#### Assigned task:
Among the lines below, return each one that contains the word "Hmid".

(Dataset entries)
────────────────────
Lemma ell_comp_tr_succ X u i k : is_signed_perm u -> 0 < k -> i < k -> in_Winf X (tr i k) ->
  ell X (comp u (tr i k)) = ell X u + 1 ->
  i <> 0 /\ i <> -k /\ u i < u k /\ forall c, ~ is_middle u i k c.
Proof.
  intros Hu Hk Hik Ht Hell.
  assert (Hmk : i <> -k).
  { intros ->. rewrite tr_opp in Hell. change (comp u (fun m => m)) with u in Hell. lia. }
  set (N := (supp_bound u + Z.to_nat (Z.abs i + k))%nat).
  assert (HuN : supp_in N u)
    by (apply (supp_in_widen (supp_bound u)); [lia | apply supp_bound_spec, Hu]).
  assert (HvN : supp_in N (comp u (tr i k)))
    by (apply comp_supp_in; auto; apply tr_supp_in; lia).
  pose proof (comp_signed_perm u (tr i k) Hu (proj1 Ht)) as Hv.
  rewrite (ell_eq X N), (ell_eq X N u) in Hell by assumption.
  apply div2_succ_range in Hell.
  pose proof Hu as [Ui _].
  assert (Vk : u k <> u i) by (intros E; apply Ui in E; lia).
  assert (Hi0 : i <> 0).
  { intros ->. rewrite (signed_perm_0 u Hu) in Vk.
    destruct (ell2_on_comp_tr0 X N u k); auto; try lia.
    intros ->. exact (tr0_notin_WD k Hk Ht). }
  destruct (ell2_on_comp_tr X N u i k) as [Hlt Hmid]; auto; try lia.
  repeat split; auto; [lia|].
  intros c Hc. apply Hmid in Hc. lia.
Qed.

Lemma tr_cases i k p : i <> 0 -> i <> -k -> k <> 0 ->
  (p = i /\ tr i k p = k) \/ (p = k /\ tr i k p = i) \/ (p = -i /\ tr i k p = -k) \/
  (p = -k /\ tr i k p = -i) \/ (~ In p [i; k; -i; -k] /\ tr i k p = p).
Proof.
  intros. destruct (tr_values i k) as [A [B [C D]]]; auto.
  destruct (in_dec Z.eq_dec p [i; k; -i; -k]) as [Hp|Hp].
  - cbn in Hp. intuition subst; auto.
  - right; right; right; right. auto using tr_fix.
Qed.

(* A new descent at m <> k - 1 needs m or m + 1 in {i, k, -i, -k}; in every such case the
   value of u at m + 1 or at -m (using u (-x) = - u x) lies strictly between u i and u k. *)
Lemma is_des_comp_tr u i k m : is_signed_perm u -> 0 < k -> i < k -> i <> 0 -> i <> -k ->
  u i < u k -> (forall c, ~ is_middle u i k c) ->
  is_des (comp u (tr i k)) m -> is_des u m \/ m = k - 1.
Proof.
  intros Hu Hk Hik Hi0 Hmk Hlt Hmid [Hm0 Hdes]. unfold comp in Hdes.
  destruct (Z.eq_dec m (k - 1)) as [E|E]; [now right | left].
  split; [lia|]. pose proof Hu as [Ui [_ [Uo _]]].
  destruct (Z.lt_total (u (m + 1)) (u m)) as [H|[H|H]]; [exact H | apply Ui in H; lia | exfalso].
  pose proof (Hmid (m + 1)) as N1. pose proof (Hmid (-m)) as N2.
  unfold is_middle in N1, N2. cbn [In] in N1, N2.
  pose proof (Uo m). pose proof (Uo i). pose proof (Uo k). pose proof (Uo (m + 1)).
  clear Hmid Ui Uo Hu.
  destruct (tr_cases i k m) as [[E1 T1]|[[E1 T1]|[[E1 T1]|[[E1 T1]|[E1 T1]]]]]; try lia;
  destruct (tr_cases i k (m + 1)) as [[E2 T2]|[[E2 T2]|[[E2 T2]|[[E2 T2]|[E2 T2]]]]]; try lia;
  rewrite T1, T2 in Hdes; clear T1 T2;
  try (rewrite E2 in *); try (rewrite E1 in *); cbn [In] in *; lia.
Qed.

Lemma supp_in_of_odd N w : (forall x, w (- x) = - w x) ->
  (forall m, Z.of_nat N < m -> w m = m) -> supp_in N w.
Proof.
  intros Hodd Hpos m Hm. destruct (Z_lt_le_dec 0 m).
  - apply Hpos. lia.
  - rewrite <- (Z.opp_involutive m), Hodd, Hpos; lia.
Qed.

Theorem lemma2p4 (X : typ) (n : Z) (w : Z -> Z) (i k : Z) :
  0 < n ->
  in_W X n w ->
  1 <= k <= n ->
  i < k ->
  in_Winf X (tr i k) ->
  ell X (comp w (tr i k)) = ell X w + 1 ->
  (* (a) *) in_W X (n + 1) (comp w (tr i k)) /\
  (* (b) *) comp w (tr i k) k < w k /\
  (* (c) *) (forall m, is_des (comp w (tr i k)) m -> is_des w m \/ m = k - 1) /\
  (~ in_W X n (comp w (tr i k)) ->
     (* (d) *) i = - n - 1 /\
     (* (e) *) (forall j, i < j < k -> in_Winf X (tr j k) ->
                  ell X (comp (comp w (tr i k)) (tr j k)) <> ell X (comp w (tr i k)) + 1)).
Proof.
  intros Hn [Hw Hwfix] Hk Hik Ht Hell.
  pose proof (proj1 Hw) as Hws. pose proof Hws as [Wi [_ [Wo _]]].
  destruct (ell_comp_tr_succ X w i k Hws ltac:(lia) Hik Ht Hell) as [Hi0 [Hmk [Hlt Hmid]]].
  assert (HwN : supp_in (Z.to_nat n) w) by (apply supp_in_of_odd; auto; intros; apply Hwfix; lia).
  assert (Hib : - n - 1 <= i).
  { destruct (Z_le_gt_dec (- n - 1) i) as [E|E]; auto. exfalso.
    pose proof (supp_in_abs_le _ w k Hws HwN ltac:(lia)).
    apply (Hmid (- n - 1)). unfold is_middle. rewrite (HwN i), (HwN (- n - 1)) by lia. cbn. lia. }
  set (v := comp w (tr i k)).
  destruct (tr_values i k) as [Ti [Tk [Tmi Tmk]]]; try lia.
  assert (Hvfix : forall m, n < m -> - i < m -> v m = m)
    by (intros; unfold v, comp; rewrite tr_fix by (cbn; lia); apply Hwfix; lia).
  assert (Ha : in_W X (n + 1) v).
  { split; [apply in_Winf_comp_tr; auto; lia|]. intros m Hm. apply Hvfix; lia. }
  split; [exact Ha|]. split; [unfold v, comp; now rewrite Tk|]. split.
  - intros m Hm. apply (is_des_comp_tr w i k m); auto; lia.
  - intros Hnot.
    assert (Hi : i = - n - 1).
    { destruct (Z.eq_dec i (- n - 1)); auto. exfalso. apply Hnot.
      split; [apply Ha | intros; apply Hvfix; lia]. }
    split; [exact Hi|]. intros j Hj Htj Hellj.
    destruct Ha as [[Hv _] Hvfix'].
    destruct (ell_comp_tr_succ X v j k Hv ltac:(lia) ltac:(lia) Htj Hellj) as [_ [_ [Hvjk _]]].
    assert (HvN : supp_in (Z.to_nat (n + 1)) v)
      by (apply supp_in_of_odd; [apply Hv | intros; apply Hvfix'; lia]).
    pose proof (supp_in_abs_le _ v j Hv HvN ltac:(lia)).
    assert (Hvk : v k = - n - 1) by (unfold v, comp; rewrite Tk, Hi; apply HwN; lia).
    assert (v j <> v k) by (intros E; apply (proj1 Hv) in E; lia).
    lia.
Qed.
────────────────────
#### Solution for this problem:
  destruct (ell2_on_comp_tr X N u i k) as [Hlt Hmid]; auto; try lia.
  intros c Hc. apply Hmid in Hc. lia.
  intros Hu Hk Hik Hi0 Hmk Hlt Hmid [Hm0 Hdes]. unfold comp in Hdes.
  pose proof (Hmid (m + 1)) as N1. pose proof (Hmid (-m)) as N2.
  clear Hmid Ui Uo Hu.
  destruct (ell_comp_tr_succ X w i k Hws ltac:(lia) Hik Ht Hell) as [Hi0 [Hmk [Hlt Hmid]]].
    apply (Hmid (- n - 1)). unfold is_middle. rewrite (HwN i), (HwN (- n - 1)) by lia. cbn. lia. }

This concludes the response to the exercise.